Better to live in sin, my friends, than to live in misery. Seriously: they would have been so much better off if they’d never married, even if they had chosen to move in together.

Late October in the Desert

Incredibly gorgeous morning! Clear, cool but not cold, not even crisp. People out pushing their baby strollers, walking their dogs. My mind wanders…

…to the horror of potential incarceration at the Beatitudes, a venerable Phoenix old-folkerie. Honestly: I’d rather be dead than locked up in an institution. Must figure out potential alternatives…

* Hire someone to come to the house and care for me? Apparently Luz (Cleaning Lady from Heaven) used to do this.

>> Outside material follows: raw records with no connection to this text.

(* Suppose for each $0\le t\le N-1$ a bias function $h^e_t$ for the cost $f_t+g_t$ exists, and let $\{x^*_t\}_{t=0}^N$ be the optimal state trajectory of the offline problem with optimal cost $J^*$. Then $$\sum_{t=0}^{N-1}\lambda^e_t-J^*\le\sum_{t=1}^N\big(h^e_{t-1}(x^*_t)-h^e_t(x^*_t)\big)-h^e_0(x_0)=\sum_{t=0}^N\big(h^e_{t-1}(x^*_t)-h^e_t(x^*_t)\big),$$ where $h^e_N:=f_N$, $h^e_{-1}:\equiv0$ and $x^*_0:=x_0$.
   Context: Dynamics $x_{t+1}=Ax_t+Bu_t$ with given $x_0$; cost $J=\sum_{t=0}^{N-1}[f_t(x_t)+g_t(u_t)]+f_N(x_N)$ with $f_t$ strongly convex and smooth, $g_t$ convex and smooth. For each $t$, the optimal steady state is $(x^e_t,u^e_t)=\arg\min\{f_t(x)+g_t(u):x=Ax+Bu\}$ and $\lambda^e_t=f_t(x^e_t)+g_t(u^e_t)$. A bias function for $f_t+g_t$ is a function $h^e_t:\mathbb R^n\to\mathbb R$ with $h^e_t(x)+\lambda^e_t=\min_u\big(f_t(x)+g_t(u)+h^e_t(Ax+Bu)\big)$ for all $x$. *)

From HB Require Import structures.
From mathcomp Require Import all_boot all_order all_algebra.
Set Implicit Arguments. Unset Strict Implicit. Unset Printing Implicit Defensive.
Import Order.TTheory GRing.Theory Num.Theory.
Local Open Scope ring_scope.

Section Defs.
Variable R : rcfType.

Definition dotv k (x y : 'cV[R]_k) : R := \sum_(i < k) x i 0 * y i 0.
Definition sqnorm k (x : 'cV[R]_k) : R := dotv x x.
Definition normv k (x : 'cV[R]_k) : R := Num.sqrt (sqnorm x).

Definition has_gradient k (f : 'cV[R]_k -> R) (df : 'cV[R]_k -> 'cV[R]_k) :=
  forall x eps, 0 < eps -> exists2 d, 0 < d &
    forall y, normv (y - x) < d ->
      `|f y - f x - dotv (df x) (y - x)| <= eps * normv (y - x).

Definition smooth k (f : 'cV[R]_k -> R) :=
  exists df, has_gradient f df /\
    exists L, forall x y, normv (df x - df y) <= L * normv (x - y).

Definition convex k (f : 'cV[R]_k -> R) :=
  forall x y (th : R), 0 <= th <= 1 ->
    f (th *: x + (1 - th) *: y) <= th * f x + (1 - th) * f y.

Definition strongly_convex k (f : 'cV[R]_k -> R) :=
  exists2 mu : R, 0 < mu & forall x y (th : R), 0 <= th <= 1 ->
    f (th *: x + (1 - th) *: y) <=
      th * f x + (1 - th) * f y - mu / 2%:R * th * (1 - th) * sqnorm (x - y).

Definition feasible n m (A : 'M[R]_n) (B : 'M[R]_(n, m)) (N : nat)
  (x0 : 'cV[R]_n) (x : nat -> 'cV[R]_n) (u : nat -> 'cV[R]_m) :=
  x 0%N = x0 /\ forall t, (t < N)%N -> x t.+1 = A *m x t + B *m u t.

Definition cost n m (N : nat) (f : nat -> 'cV[R]_n -> R) (g : nat -> 'cV[R]_m -> R)
  (x : nat -> 'cV[R]_n) (u : nat -> 'cV[R]_m) : R :=
  \sum_(t < N) (f t (x t) + g t (u t)) + f N (x N).

Definition offline_optimal n m (A : 'M[R]_n) (B : 'M[R]_(n, m)) (N : nat)
  (x0 : 'cV[R]_n) f g (xs : nat -> 'cV[R]_n) (us : nat -> 'cV[R]_m) :=
  feasible A B N x0 xs us /\
  forall x u, feasible A B N x0 x u -> cost N f g xs us <= cost N f g x u.

Definition optimal_steady_state n m (A : 'M[R]_n) (B : 'M[R]_(n, m))
  (ft : 'cV[R]_n -> R) (gt : 'cV[R]_m -> R) (xe : 'cV[R]_n) (ue : 'cV[R]_m) :=
  xe = A *m xe + B *m ue /\
  forall x u, x = A *m x + B *m u -> ft xe + gt ue <= ft x + gt u.

(* h is a bias function for ft + gt with constant lam:
   h x + lam = min_u (ft x + gt u + h (A x + B u)) for all x
   (the minimum is attained). *)
Definition bias_function n m (A : 'M[R]_n) (B : 'M[R]_(n, m))
  (ft : 'cV[R]_n -> R) (gt : 'cV[R]_m -> R) (lam : R) (h : 'cV[R]_n -> R) :=
  forall x,
    (forall u, h x + lam <= ft x + gt u + h (A *m x + B *m u)) /\
    exists u, h x + lam = ft x + gt u + h (A *m x + B *m u).

(* hext h f N t = h^e_t, with the convention h^e_N := f_N. *)
Definition hext n (N : nat) (h : nat -> 'cV[R]_n -> R) (f : nat -> 'cV[R]_n -> R)
  (t : nat) : 'cV[R]_n -> R := if t == N then f N else h t.

(* hprev h f N t = h^e_{t-1}, with h^e_{-1} :== 0 and h^e_N := f_N. *)
Definition hprev n (N : nat) (h : nat -> 'cV[R]_n -> R) (f : nat -> 'cV[R]_n -> R)
  (t : nat) : 'cV[R]_n -> R :=
  match t with 0%N => fun _ => 0 | s.+1 => hext N h f s end.

End Defs.

From HB Require Import structures.
From mathcomp Require Import all_boot all_order all_algebra.
Import Order.TTheory GRing.Theory Num.Theory.
From mathcomp Require Import lra.
Local Open Scope ring_scope.

(* The Bellman-type inequality defining a bias function h_t, evaluated at a
   state x_t with the control u_t actually applied, gives
       lambda_t <= f_t(x_t) + g_t(u_t) + h_t(x_{t+1}) - h_t(x_t).
   Summing over t < N along any feasible trajectory (in particular the
   offline optimal one) bounds sum_t lambda_t - J by
   sum_{t<N} (h_t(x_{t+1}) - h_t(x_t)) - f_N(x_N)  (lemma [sum_stage_bound]).
   The rest is bookkeeping: with H_t := h^e_t(x_t), where h^e_N = f_N, the
   sums sum_{t<N} H_{t+1} + H_0 and sum_{t<N} H_t + H_N agree, which turns
   the bound into the paper's form (lemma [bias_telescope]); finally the
   isolated term -h_0(x_0) is the t = 0 summand when x*_0 := x_0 and
   h^e_{-1} := 0 (lemma [bias_sum_from0]). *)

Section BiasBound.
Variables (R : rcfType) (n m : nat) (A : 'M[R]_n) (B : 'M[R]_(n, m)).

Lemma bias_step (ft : 'cV[R]_n -> R) (gt : 'cV[R]_m -> R) (lam : R)
    (hb : 'cV[R]_n -> R) (x : 'cV[R]_n) (u : 'cV[R]_m) :
  bias_function A B ft gt lam hb ->
  lam <= ft x + gt u + hb (A *m x + B *m u) - hb x.
Proof. by move=> /(_ x) [/(_ u) hle _]; rewrite lerBrDr addrC. Qed.

Lemma sum_stage_bound (N : nat) (x0 : 'cV[R]_n)
    (f : nat -> 'cV[R]_n -> R) (g : nat -> 'cV[R]_m -> R)
    (lam : nat -> R) (h : nat -> 'cV[R]_n -> R)
    (x : nat -> 'cV[R]_n) (u : nat -> 'cV[R]_m) :
  feasible A B N x0 x u ->
  (forall t, (t < N)%N -> bias_function A B (f t) (g t) (lam t) (h t)) ->
  \sum_(t < N) lam t - cost N f g x u <=
    \sum_(t < N) (h t (x t.+1) - h t (x t)) - f N (x N).
Proof.
move=> [_ hdyn] hbias.
have hsum : \sum_(t < N) lam t <=
    \sum_(t < N) (f t (x t) + g t (u t)) + \sum_(t < N) (h t (x t.+1) - h t (x t)).
  rewrite -big_split /=; apply: ler_sum => t _.
  by rewrite addrA hdyn //; apply: bias_step; apply: hbias.
rewrite /cost; lra.
Qed.

End BiasBound.

Section BiasBookkeeping.
Variables (R : rcfType) (n N : nat) (h f : nat -> 'cV[R]_n -> R).
Hypothesis N_gt0 : (0 < N)%N.

Lemma hext_lt (t : nat) : (t < N)%N -> hext N h f t = h t.
Proof. by move=> ltN; rewrite /hext (ltn_eqF ltN). Qed.

Lemma hext_N : hext N h f N = f N.
Proof. by rewrite /hext eqxx. Qed.

Lemma bias_telescope (x : nat -> 'cV[R]_n) :
  \sum_(t < N) (h t (x t.+1) - h t (x t)) - f N (x N) =
    \sum_(1 <= t < N.+1) (hprev N h f t (x t) - hext N h f t (x t)) - h 0%N (x 0%N).
Proof.
pose H t := hext N h f t (x t).
have first_last : \sum_(t < N) H t.+1 + H 0%N = \sum_(t < N) H t + H N.
  have := @big_ord_recl R 0 +%R N (fun t : 'I_N.+1 => H t).
  rewrite big_ord_recr /= => ->; rewrite addrC.
  by congr (_ + _); apply: eq_bigr.
have H0 : H 0%N = h 0%N (x 0%N) by rewrite /H hext_lt.
have HN : H N = f N (x N) by rewrite /H hext_N.
have Hlt : \sum_(t < N) h t (x t) = \sum_(t < N) H t.
  by apply: eq_bigr => t _; rewrite /H hext_lt.
rewrite big_add1 /= big_mkord.
under [in RHS]eq_bigr => t _ do rewrite /= hext_lt //.
rewrite !sumrB Hlt -H0 -HN; lra.
Qed.

(* Absorbing -h_0(x_0) as the t = 0 summand, using h^e_{-1} = 0. *)
Lemma bias_sum_from0 (x : nat -> 'cV[R]_n) (x0 : 'cV[R]_n) :
  let x' := fun t : nat => if t == 0%N then x0 else x t in
  \sum_(1 <= t < N.+1) (hprev N h f t (x t) - hext N h f t (x t)) - h 0%N x0 =
    \sum_(0 <= t < N.+1) (hprev N h f t (x' t) - hext N h f t (x' t)).
Proof.
move=> x'; rewrite [RHS]big_ltn // /x' /= hext_lt // sub0r addrC.
by congr (_ + _); apply: eq_big_nat => t /andP[t_gt0 _]; rewrite -(prednK t_gt0).
Qed.

End BiasBookkeeping.

Theorem lemma3 (R : rcfType) (n m N : nat)
  (hN : (0 < N)%N)
  (A : 'M[R]_n) (B : 'M[R]_(n, m)) (x0 : 'cV[R]_n)
  (f : nat -> 'cV[R]_n -> R) (g : nat -> 'cV[R]_m -> R)
  (hf_sc : forall t, (t <= N)%N -> strongly_convex (f t))
  (hf_sm : forall t, (t <= N)%N -> smooth (f t))
  (hg_cv : forall t, (t < N)%N -> convex (g t))
  (hg_sm : forall t, (t < N)%N -> smooth (g t))
  (xe : nat -> 'cV[R]_n) (ue : nat -> 'cV[R]_m)
  (hss : forall t, (t < N)%N -> optimal_steady_state A B (f t) (g t) (xe t) (ue t))
  (h : nat -> 'cV[R]_n -> R)
  (hbias : forall t, (t < N)%N ->
     bias_function A B (f t) (g t) (f t (xe t) + g t (ue t)) (h t))
  (xs : nat -> 'cV[R]_n) (us : nat -> 'cV[R]_m)
  (hopt : offline_optimal A B N x0 f g xs us) :
  let lam := fun t => f t (xe t) + g t (ue t) in
  let Jstar := cost N f g xs us in
  let xs' := fun t : nat => if t == 0%N then x0 else xs t in
  \sum_(t < N) lam t - Jstar <=
    \sum_(1 <= t < N.+1) (hprev N h f t (xs t) - hext N h f t (xs t)) - h 0%N x0
  /\
  \sum_(1 <= t < N.+1) (hprev N h f t (xs t) - hext N h f t (xs t)) - h 0%N x0
  = \sum_(0 <= t < N.+1) (hprev N h f t (xs' t) - hext N h f t (xs' t)).
Proof.
move=> lam Jstar xs'.
have [hfeas _] := hopt.
have hx0 : xs 0%N = x0 by case: hfeas.
split; last exact: bias_sum_from0.
rewrite -hx0 -bias_telescope //.
exact: sum_stage_bound hfeas hbias.
Qed.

* Stay someplace overnight, but keep the house and return here during the day?

* Buy an apartment in someplace like The Terraces? (The Terraces is an old-folkerie.)

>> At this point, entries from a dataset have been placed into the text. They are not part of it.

Lemma sum_perms (V : zmodType) n (G : seq int -> V) :
  \sum_(p : 'S_n) G (word_of_perm p) = \sum_(s <- positive_words n) G s.
Proof.
suff perm_words : perm_eq (map (@word_of_perm n) (enum 'S_n)) (positive_words n).
  by rewrite -(perm_big _ perm_words) big_map enumT.
apply: uniq_perm; rewrite ?uniq_words //.
  by rewrite (map_inj_uniq (@word_of_perm_inj n)); apply: enum_uniq.
move=> s; rewrite mem_words (eq_all (a2 := fun y => 0 <= y)); last first.
  by move=> y; rewrite inE eqbF_neg -leNgt.
apply/mapP/andP => [[p _ ->] | [sw s_ge0]].
  by split; [exact: signed_word_of_perm | apply/allP => y /mapP[j _ ->]].
by have [p <-] := perm_word_surj sw s_ge0; exists p; rewrite ?mem_enum.
Qed.

Lemma horner_xT (R : comNzRingType) n (x : R) :
  (xT R n).[x] = x * \sum_(w in signed_perms n) (x ^+ 2) ^+ des_signed w
                 + \sum_(w in signed_perms n) (x ^+ 2) ^+ ades_signed w.
Proof.
rewrite mulr_sumr -big_split /=.
under eq_bigr => w _ do rewrite des_signedE ades_signedE.
rewrite (sum_signed_perms n (fun s =>
  x * (x ^+ 2) ^+ descents (0 :: s) + (x ^+ 2) ^+ descents (0 :: rcons s 0))).
rewrite /xT horner_sum; apply: eq_bigr => s _.
by rewrite hornerD !hornerXn exprS !exprM.
Qed.

Lemma horner_xA (R : comNzRingType) n (x : R) :
  (xA R n).[x] = x * (1 + x) ^+ n.+1 * \sum_(p : 'S_n) x ^+ des_perm p.
Proof.
rewrite mulr_sumr.
under eq_bigr => p _ do rewrite des_permE.
rewrite (sum_perms n (fun s => x * (1 + x) ^+ n.+1 * x ^+ descents (0 :: s))).
rewrite /xA horner_sum; apply: eq_bigr => s _.
by rewrite hornerM hornerXn horner_exp hornerD hornerC hornerX exprS mulrAC.
Qed.

Theorem mainTheorem3 (R : realFieldType) (n : nat) (x : R) :
  (1 <= n)%N -> x != 0 ->
  (\sum_(w in signed_perms n) (x ^+ 2) ^+ des_signed w)
    + x^-1 * (\sum_(w in signed_perms n) (x ^+ 2) ^+ ades_signed w)
  = (1 + x) ^+ n.+1 * (\sum_(p : 'S_n) x ^+ des_perm p).
Proof.
move=> n_ge1 x_neq0; apply: (mulfI x_neq0).
by rewrite mulrDr mulrA divff // mul1r -horner_xT xT_xA // horner_xA mulrA.
Qed.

* Allow self to be forced to buy a place at the Beatitudes (an old-folkerie on the gawdawful level), but after the dust settles, go out and rent an apartment someplace else, keeping it secret?

* Buy a house in M’hijito’s neighborhood, so he feels better about being closer to me? Hire someone to help care for it?

Looks like #1 is probably the only truly viable choice. That or 1 & 5.

Right now, I don’t need #1. I have no problem caring for myself:

* Fixing meals
* Shopping for groceries
* Cooking gourmet(!) meals
* Bathing, grooming
* Tending the pool
* Riding herd on the hired help
* Caring for the dog

The big issue, really, is the purloined car: not being able to get from Point A to Point B without hiring a driver. But is that really a very big deal?

* A guy across the street drives for Uber and is usually available.
* Otherwise, Uber does its own roaring business in this neighborhood: no problem calling for a driver.
* When my son’s nose is not on the grindstone, he probably can schlep me to most routine destinations (grocery stores for example).
* But that may not be necessary: we have not one, not two, but three major grocery retailers and two drugstores within easy walking distance. And two computer stores. And a veterinarian. And a hair stylist. And a nail salon. And…hmmmm…Is anything NOT within walking distance???

My Aunt Gertrude was a very practical woman…so, my guess is that she moved from her sweet Berkeley bungalow into a fancy old-folkerie because her son forced her to move, not because she felt any urgency to do so. She could have gotten by in that house indefinitely, with hired help to come in and handle the cleaning, the shopping, and the errands/appointments. And what an asset to have handed down to her son: it’s now worth over $1.2 MILLION!

Such are the ravages of time, eh?

Truth to tell, I suspect that over the time left to me, this house’s value also will explode…right along the lines of Gertrude’s house. And how would I love to be able to pass along something over a million bucks to my son? Zowie!!

Scam-a-Bat

My poor son was mightily peeved this morning when I interrupted his work by calling him to ask if some marvel of an offer that arrived in the mail was, as suspected, a scam.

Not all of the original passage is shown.